Viewed from a further aspect, the present invention provides an arrangement for recovering hydrocarbon from a hydrocarbon containing subterranean formation comprising;

(i) an arrangement for conducting a thermal recovery method; and

(ii) a system for recovering thermal energy as hereinbefore defined. DETAILED DESCRIPTION OF THE INVENTION

To recover hydrocarbon, and particularly heavy hydrocarbon, from subterranean formations, it is often necessary to employ thermal recovery methods such as Steam Assisted Gravity Drainage (SAGD) and In Situ Combustion (ISC). Thermal recovery methods generally facilitate recovery of heavy hydrocarbon by mobilising it by heating and in some cases by additionally reducing its viscosity by dilution. These methods successfully facilitate the recovery of hydrocarbon which otherwise would remain in the formation.

There is, however, a significant energy cost associated with thermal recovery methods. In SAGD the steam needed for injection into the formation is usually generated using natural gas as the fuel. Since vast volumes of steam are required in an effective recovery operation that might last for 10-20 years this is a huge cost. Although an advantage of ISC is that the fuel for combustion is the in situ hydrocarbon, a steam treatment is usually required initially to heat the formation to a temperature that will sustain combustion.

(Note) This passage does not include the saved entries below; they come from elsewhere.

Theorem lemma4p4 (n : nat -> nat) (no_unary : n 1 = 0)
  (H : seq nat -> nat) (H_hyp : is_hyp n H) (H_univ : universal n H)
  (k : nat) :
  exists phi : nat -> vfun, embHG n H phi /\ enveloping phi k.
Proof.
exists (phi n k H); split; first exact: phi_embedding.
exact: phi_enveloping.
Qed.
(* Let $C$ be a kernel configuration and let $R_C$ be the set of (equivalence classes of) endomorphisms obtained from the generators $$\{\rho[\theta]:\rho\in K[X]\}\cup\{\pi_{\mathrm{Im}(F^C)}:F\subseteq K[X]_{\mathrm{irr}}^{0<C<\infty}\text{ finite}\}\cup\{\eta[\theta]^{-1}:\eta\text{ monic},\ \mathrm{Fac}(\eta)\subseteq K[X]_{\mathrm{irr}}^{C<\infty}\}$$ by finitely many applications of pointwise addition $+$ and composition $\circ$. Then $(R_C,0,\mathrm{Id},+,\circ)$ is a commutative ring with unit, and its characteristic equals $\mathrm{Char}(K)$.
   Context: $K$ is a field, $K[X]_{\mathrm{irr}}$ the set of monic irreducible polynomials; $\mathrm{Fac}(\eta)$ is the set of monic irreducible factors of $\eta$. For $\rho=\sum_i(\rho)_iX^i$, $\rho[\theta]=\sum_i(\rho)_i\theta^i$; $\mathrm{Ker}(\rho),\mathrm{Im}(\rho)$ its kernel and image. A kernel configuration is $C=(c,d)$ with $c:K[X]_{\mathrm{irr}}\to\mathbb N\cup\{\infty\}$, $d\in\mathbb N_{>0}\cup\{\infty\}$, $d=\infty$ or $d=\sum_f\deg(f)c(f)$; $C(f)=c(f)$. $C$ algebraic if $d<\infty$ ($\mathrm{MiPo}(C)=\prod_ff^{C(f)}$), transcendental otherwise. $\theta$ is a $C$-endomorphism if $\mathrm{MiPo}(C)[\theta]=0$ (algebraic), resp. $\mathrm{Ker}(f^{C(f)})=\mathrm{Ker}(f^{C(f)+1})$ whenever $C(f)<\infty$ (transcendental); $C$-image-complete if $\mathrm{Im}(f^{C(f)})=\mathrm{Im}(f^{C(f)+1})$ whenever $C(f)<\infty$. $K[X]_{\mathrm{irr}}^{0<C<\infty}=\{f:0<C(f)<\infty\}$, $K[X]_{\mathrm{irr}}^{C<\infty}=\{f:C(f)<\infty\}$, $F^C=\prod_{f\in F}f^{C(f)}$. Let $\mathcal T_C$ be the theory of $K$-vector spaces $\mathbb V$ with a $C$-endomorphism $\theta$ that is $C$-image-complete. In each model, for finite $F\subseteq K[X]_{\mathrm{irr}}^{0<C<\infty}$ one has $\mathbb V=\mathrm{Im}(F^C)\oplus\mathrm{Ker}(F^C)$; $\pi_{\mathrm{Im}(F^C)}$ is the projection onto the first summand along the second, and for monic $\eta$ with $\mathrm{Fac}(\eta)\subseteq K[X]_{\mathrm{irr}}^{C<\infty}$, $\eta[\theta]^{-1}(x)$ is the unique $u\in\mathrm{Im}(\mathrm{Fac}(\eta)^C)$ with $\eta[\theta](u)=\pi_{\mathrm{Im}(\mathrm{Fac}(\eta)^C)}(x)$. These are uniformly definable endomorphisms; elements of $R_C$ are regarded as definable functions modulo $\mathcal T_C$, i.e. two of them are equal iff they agree in every model of $\mathcal T_C$. *)

From HB Require Import structures.
From mathcomp Require Import all_boot all_order all_algebra.
From Stdlib Require Import ClassicalEpsilon.
Set Implicit Arguments. Unset Strict Implicit. Unset Printing Implicit Defensive.
Import GRing.Theory.
Local Open Scope ring_scope.

Section KernelConfigurations.
Variable K : fieldType.

(* N u {oo} is encoded as option nat, with None = oo. *)

Definition mirr (f : {poly K}) : Prop := (f \is monic) /\ irreducible_poly f.

(* A kernel configuration C = (c, d); c is given on all polynomials,
   only its values on K[X]_irr are relevant. *)
Record kconf := KConf { kc_c : {poly K} -> option nat ; kc_d : option nat }.

Definition cnat (c : {poly K} -> option nat) (f : {poly K}) : nat := odflt 0%N (c f).

Definition support_seq (c : {poly K} -> option nat) (s : seq {poly K}) : Prop :=
  uniq s /\ (forall f, f \in s -> mirr f /\ exists k, c f = Some k) /\
  (forall f, mirr f -> f \notin s -> c f = Some 0%N).

Definition kconf_ok (C : kconf) : Prop :=
  kc_d C <> Some 0%N /\
  forall n, kc_d C = Some n ->
    exists s, support_seq (kc_c C) s /\
      n = (\sum_(f <- s) (size f).-1 * cnat (kc_c C) f)%N.

Definition FC (C : kconf) (F : seq {poly K}) : {poly K} :=
  \prod_(f <- F) f ^+ cnat (kc_c C) f.

Section Model.
Variable V : lmodType K.
Variable theta : V -> V.

Definition peval (rho : {poly K}) (x : V) : V :=
  \sum_(i < size rho) rho`_i *: iter i theta x.

Definition Ker (g : V -> V) (x : V) : Prop := g x = 0.
Definition Im (g : V -> V) (y : V) : Prop := exists x, g x = y.

(* theta is a K-linear endomorphism of V which is a C-endomorphism and
   C-image-complete: (V, theta) is a model of T_C *)
Definition is_model (C : kconf) : Prop :=
  (forall (a : K) (x y : V), theta (a *: x + y) = a *: theta x + theta y) /\
  (match kc_d C with
   | Some _ => exists s, support_seq (kc_c C) s /\
                 forall x, peval (FC C s) x = 0
   | None => forall f k, mirr f -> kc_c C f = Some k ->
                 forall x, Ker (peval (f ^+ k)) x <-> Ker (peval (f ^+ k.+1)) x
   end) /\
  (forall f k, mirr f -> kc_c C f = Some k ->
     forall y, Im (peval (f ^+ k)) y <-> Im (peval (f ^+ k.+1)) y).

Definition isFac (eta : {poly K}) (s : seq {poly K}) : Prop :=
  uniq s /\ forall f, f \in s <-> (mirr f /\ f %| eta).

Definition facs (eta : {poly K}) : seq {poly K} :=
  epsilon (inhabits [::]) (isFac eta).

Definition proj (C : kconf) (F : seq {poly K}) (x : V) : V :=
  epsilon (inhabits (0 : V))
    (fun u => Im (peval (FC C F)) u /\ Ker (peval (FC C F)) (x - u)).

Definition pinv (C : kconf) (eta : {poly K}) (x : V) : V :=
  epsilon (inhabits (0 : V))
    (fun u => Im (peval (FC C (facs eta))) u /\
              peval eta u = proj C (facs eta) x).
End Model.

Inductive term :=
| TPoly of {poly K}
| TProj of seq {poly K}
| TInv of {poly K}
| TAdd of term & term
| TComp of term & term.

Fixpoint wf (C : kconf) (t : term) : Prop :=
  match t with
  | TPoly _ => True
  | TProj F => uniq F /\
      forall f, f \in F -> mirr f /\ exists k, kc_c C f = Some k.+1
  | TInv eta => eta \is monic /\
      forall f, mirr f -> f %| eta -> kc_c C f <> None
  | TAdd a b => wf C a /\ wf C b
  | TComp a b => wf C a /\ wf C b
  end.

Fixpoint interp (C : kconf) (V : lmodType K) (theta : V -> V) (t : term)
    (x : V) : V :=
  match t with
  | TPoly rho => peval theta rho x
  | TProj F => proj theta C F x
  | TInv eta => pinv theta C eta x
  | TAdd a b => interp C theta a x + interp C theta b x
  | TComp a b => interp C theta a (interp C theta b x)
  end.

(* equality modulo T_C: agreement in every model *)
Definition teq (C : kconf) (a b : term) : Prop :=
  forall (V : lmodType K) (theta : V -> V), is_model theta C ->
    forall x, interp C theta a x = interp C theta b x.

Fixpoint tnat (n : nat) : term :=
  match n with
  | 0%N => TPoly 0
  | n'.+1 => TAdd (tnat n') (TPoly 1)
  end.

End KernelConfigurations.

Definition is_comring (T : Type) (P : T -> Prop) (eq : T -> T -> Prop)
    (zero one : T) (add mul : T -> T -> T) : Prop :=
  (forall a, P a -> eq a a) /\
  (forall a b, P a -> P b -> eq a b -> eq b a) /\
  (forall a b c, P a -> P b -> P c -> eq a b -> eq b c -> eq a c) /\
  P zero /\ P one /\
  (forall a b, P a -> P b -> P (add a b) /\ P (mul a b)) /\
  (forall a a' b b', P a -> P a' -> P b -> P b' -> eq a a' -> eq b b' ->
     eq (add a b) (add a' b') /\ eq (mul a b) (mul a' b')) /\
  (forall a b c, P a -> P b -> P c -> eq (add a (add b c)) (add (add a b) c)) /\
  (forall a b, P a -> P b -> eq (add a b) (add b a)) /\
  (forall a, P a -> eq (add zero a) a) /\
  (forall a, P a -> exists b, P b /\ eq (add a b) zero) /\
  (forall a b c, P a -> P b -> P c -> eq (mul a (mul b c)) (mul (mul a b) c)) /\
  (forall a b, P a -> P b -> eq (mul a b) (mul b a)) /\
  (forall a, P a -> eq (mul one a) a /\ eq (mul a one) a) /\
  (forall a b c, P a -> P b -> P c ->
     eq (mul a (add b c)) (add (mul a b) (mul a c)) /\
     eq (mul (add a b) c) (add (mul a c) (mul b c))).

Definition is_char (Z : nat -> Prop) (c : nat) : Prop :=
  (c = 0%N /\ forall n, (0 < n)%N -> ~ Z n) \/
  ((0 < c)%N /\ Z c /\ forall n, (0 < n < c)%N -> ~ Z n).

(* Every generator is a K-linear map commuting with all linear maps that commute
   with theta: for rho[theta] this is clear, and pi_{Im(F^C)} x and
   eta[theta]^-1 x are the unique u in Im(F^C) with x - u in Ker(F^C), resp. the
   unique u in Im(Fac(eta)^C) with eta[theta] u = pi x, conditions that such
   maps preserve.  These u exist and are unique because every irreducible
   factor f of F^C, resp. of eta, acts bijectively on Im(F^C), resp.
   Im(Fac(eta)^C): image-completeness gives surjectivity, and the kernel
   condition (in the algebraic case, coprimality of f with the rest of MiPo(C))
   gives injectivity.  So R_C consists of pairwise commuting linear maps and is
   a commutative ring.  Finally n * Id = 0 in R_C iff n = 0 in K, since T_C has
   a nonzero model: K[X]/(f) for some f with 0 < C(f) < oo when C is algebraic
   and K(X) otherwise, theta being multiplication by X. *)

From HB Require Import structures.
From mathcomp Require Import all_boot all_order all_algebra.
From mathcomp Require Import ring zify.
From Stdlib Require Import ClassicalEpsilon Classical.

Set Implicit Arguments. Unset Strict Implicit. Unset Printing Implicit Defensive.
Import GRing.Theory.
Local Open Scope ring_scope.

Section IrreducibleFactors.
Variable K : fieldType.
Implicit Types p q f g : {poly K}.

Lemma mirr_coprime f g : mirr f -> mirr g -> f != g -> coprimep f g.
Proof.
move=> [mf irr_f] [mg irr_g] fg; rewrite irreducible_poly_coprime //.
apply: contra fg => /irr_g; rewrite eqp_monic //; apply.
by rewrite neq_ltn irr_f.1 orbT.
Qed.

Lemma mirr_normalize p : irreducible_poly p -> mirr ((lead_coef p)^-1 *: p).
Proof.
move=> irr_p; have lc0 : lead_coef p != 0 by rewrite lead_coef_eq0 irredp_neq0.
have ilc0 : (lead_coef p)^-1 != 0 by rewrite invr_eq0.
split; first by rewrite monicE lead_coefZ mulVf.
split=> [|q q1]; first by rewrite size_scale // irr_p.1.
rewrite dvdpZr // => /(irr_p q q1) qp.
by rewrite (eqp_trans qp) // eqp_sym eqp_scale.
Qed.

Lemma reducible_split p : p != 0 -> size p != 1%N -> ~ irreducible_poly p ->
  exists r q, [/\ p = r * q, r != 0, q != 0, (size r < size p)%N & (size q < size p)%N].
Proof.
move=> p0 p1 red_p; have sp : (1 < size p)%N.
  by move: p0 p1; rewrite -size_poly_gt0; case: (size p) => [|[]].
have [q [q1 qp nqp]] : exists q, [/\ size q != 1%N, q %| p & ~~ (q %= p)].
  apply: NNPP => hq; apply: red_p; split=> // q q1 qp.
  by apply: contraT => nqp; case: hq; exists q.
have q0 : q != 0 by apply: contraNneq p0 => q0; rewrite q0 dvd0p in qp.
have r0 : p %/ q != 0 by apply: contraNneq p0 => r0; rewrite -(divpK qp) r0 mul0r.
have sq : (size q < size p)%N.
  by rewrite ltn_neqAle dvdp_leq // andbT dvdp_size_eqp.
exists (p %/ q), q; split; rewrite ?divpK //.
have := size_mul r0 q0; rewrite divpK // => sr.
have : (0 < size q)%N by rewrite size_poly_gt0.
by move: q1 sr; move: (size (p %/ q)) (size q) (size p) => a b c; lia.
Qed.

Lemma nonzero_poly_ind (P : {poly K} -> Prop) :
  (forall c, c != 0 -> P c%:P) -> (forall f, mirr f -> P f) ->
  (forall p q, p != 0 -> q != 0 -> P p -> P q -> P (p * q)) ->
  forall p, p != 0 -> P p.
Proof.
move=> PC Pirr PM p; have [n] := ubnP (size p); elim: n p => // n IH p.
rewrite ltnS => sp p0.
case: (boolP (size p == 1%N)) => [/size_poly1P [c c0 ->]|p1]; first exact: PC.
have [irr_p | red_p] := classic (irreducible_poly p).
  have lc0 : lead_coef p != 0 by rewrite lead_coef_eq0.
  have -> : p = (lead_coef p)%:P * ((lead_coef p)^-1 *: p).
    by rewrite mul_polyC scalerA divff // scale1r.
  apply: PM; [by rewrite polyC_eq0 | | exact: PC | exact/Pirr/mirr_normalize].
  by rewrite scaler_eq0 invr_eq0 negb_or lc0.
have [r [q [pE r0 q0 sr sq]]] := reducible_split p0 p1 red_p.
rewrite pE; apply: PM => //.
  by apply: IH r0; apply: leq_trans sr sp.
by apply: IH q0; apply: leq_trans sq sp.
Qed.
(* Let $N\ge 1$ be an integer, let $\mathbf{h}_{s},\mathbf{h}_{b}\in\mathbb{C}^{N\times 1}$ be nonzero vectors, and set $\mathbf{H}_{s}=\mathbf{h}_{s}\mathbf{h}_{s}^H$ and $\mathbf{H}_{b}=\mathbf{h}_{b}\mathbf{h}_{b}^H$. Let $N^{no}>0$, $\Gamma_{s,0}>0$ and $\Gamma_{b,0}>0$ be real constants. Consider the semidefinite program $$\min_{\mathbf{W}_{s},\mathbf{W}_{b}} \ \operatorname{Tr}(\mathbf{W}_{s})+\operatorname{Tr}(\mathbf{W}_{b})$$ over $N\times N$ Hermitian matrices $\mathbf{W}_{s},\mathbf{W}_{b}$, subject to $$\operatorname{Tr}(\mathbf{H}_{s}\mathbf{W}_{s})\ge N^{no}\Gamma_{s,0},$$ $$\operatorname{Tr}(\mathbf{H}_{s}\mathbf{W}_{b})\ge \Gamma_{b,0}\operatorname{Tr}(\mathbf{H}_{s}\mathbf{W}_{s})+N^{no}\Gamma_{b,0},$$ $$\operatorname{Tr}(\mathbf{H}_{b}\mathbf{W}_{b})\ge \Gamma_{b,0}\operatorname{Tr}(\mathbf{H}_{b}\mathbf{W}_{s})+N^{no}\Gamma_{b,0},$$ $$\mathbf{W}_{s}\succeq 0,\qquad \mathbf{W}_{b}\succeq 0.$$ Then this problem has an optimal solution $(\mathbf{W}_{s}^{*},\mathbf{W}_{b}^{*})$ with $\operatorname{rank}(\mathbf{W}_{s}^{*})=\operatorname{rank}(\mathbf{W}_{b}^{*})=1$.
   Context: This is the semidefinite relaxation (rank-one constraints dropped) of the per-cluster NOMA-period power minimization in a downlink multi-antenna system: the base station has $N$ antennas and serves, in a cluster, a semantic user with channel $\mathbf{h}_{s}$ and a bit-based user with channel $\mathbf{h}_{b}$ using beamformers $\mathbf{w}_s,\mathbf{w}_b$, with $\mathbf{W}_s=\mathbf{w}_s\mathbf{w}_s^H$, $\mathbf{W}_b=\mathbf{w}_b\mathbf{w}_b^H$. Here $N^{no}=B^{no}N_0$ is the noise power (bandwidth times noise power spectral density), $\Gamma_{s,0}$ is the SNR threshold required by the semantic user, and $\Gamma_{b,0}=2^{R_0/B^{no}}-1$ is the SINR threshold of the bit-based user. $\mathbf{A}\succeq 0$ means $\mathbf{A}$ is positive semidefinite. *)

From HB Require Import structures.
From mathcomp Require Import all_boot all_order all_algebra.
From mathcomp Require Import reals complex.
Set Implicit Arguments. Unset Strict Implicit. Unset Printing Implicit Defensive.
Import Order.TTheory GRing.Theory Num.Theory.
Local Open Scope ring_scope.

Section SDP.
Variable C : numClosedFieldType.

The method of the present invention recovers thermal energy generated for carrying out thermal recovery methods that is not recovered in the extracted hydrocarbon. Typically this is the thermal energy that heats the formation, i.e. the energy that accumulates in the reservoir structure. The method of the present invention comprises selecting a formation that has been depleted of hydrocarbon by a thermal recovery method and injecting a fluid into the depleted hydrocarbon formation. The fluid has a first temperature at the point of injection into the formation. The method, however, further comprises allowing the formation to heat the fluid. In other words energy originally derived from, e.g. steam or in situ combustion and stored in the formation is transferred from the heated formation into the fluid. Thus when the fluid is recovered from the depleted hydrocarbon formation the fluid has a second temperature which is higher than the first temperature. This temperature increase represents the energy that is recovered. As described below, the energy may be extracted from the fluid in a number of different ways. Preferably the energy is used in steam generation.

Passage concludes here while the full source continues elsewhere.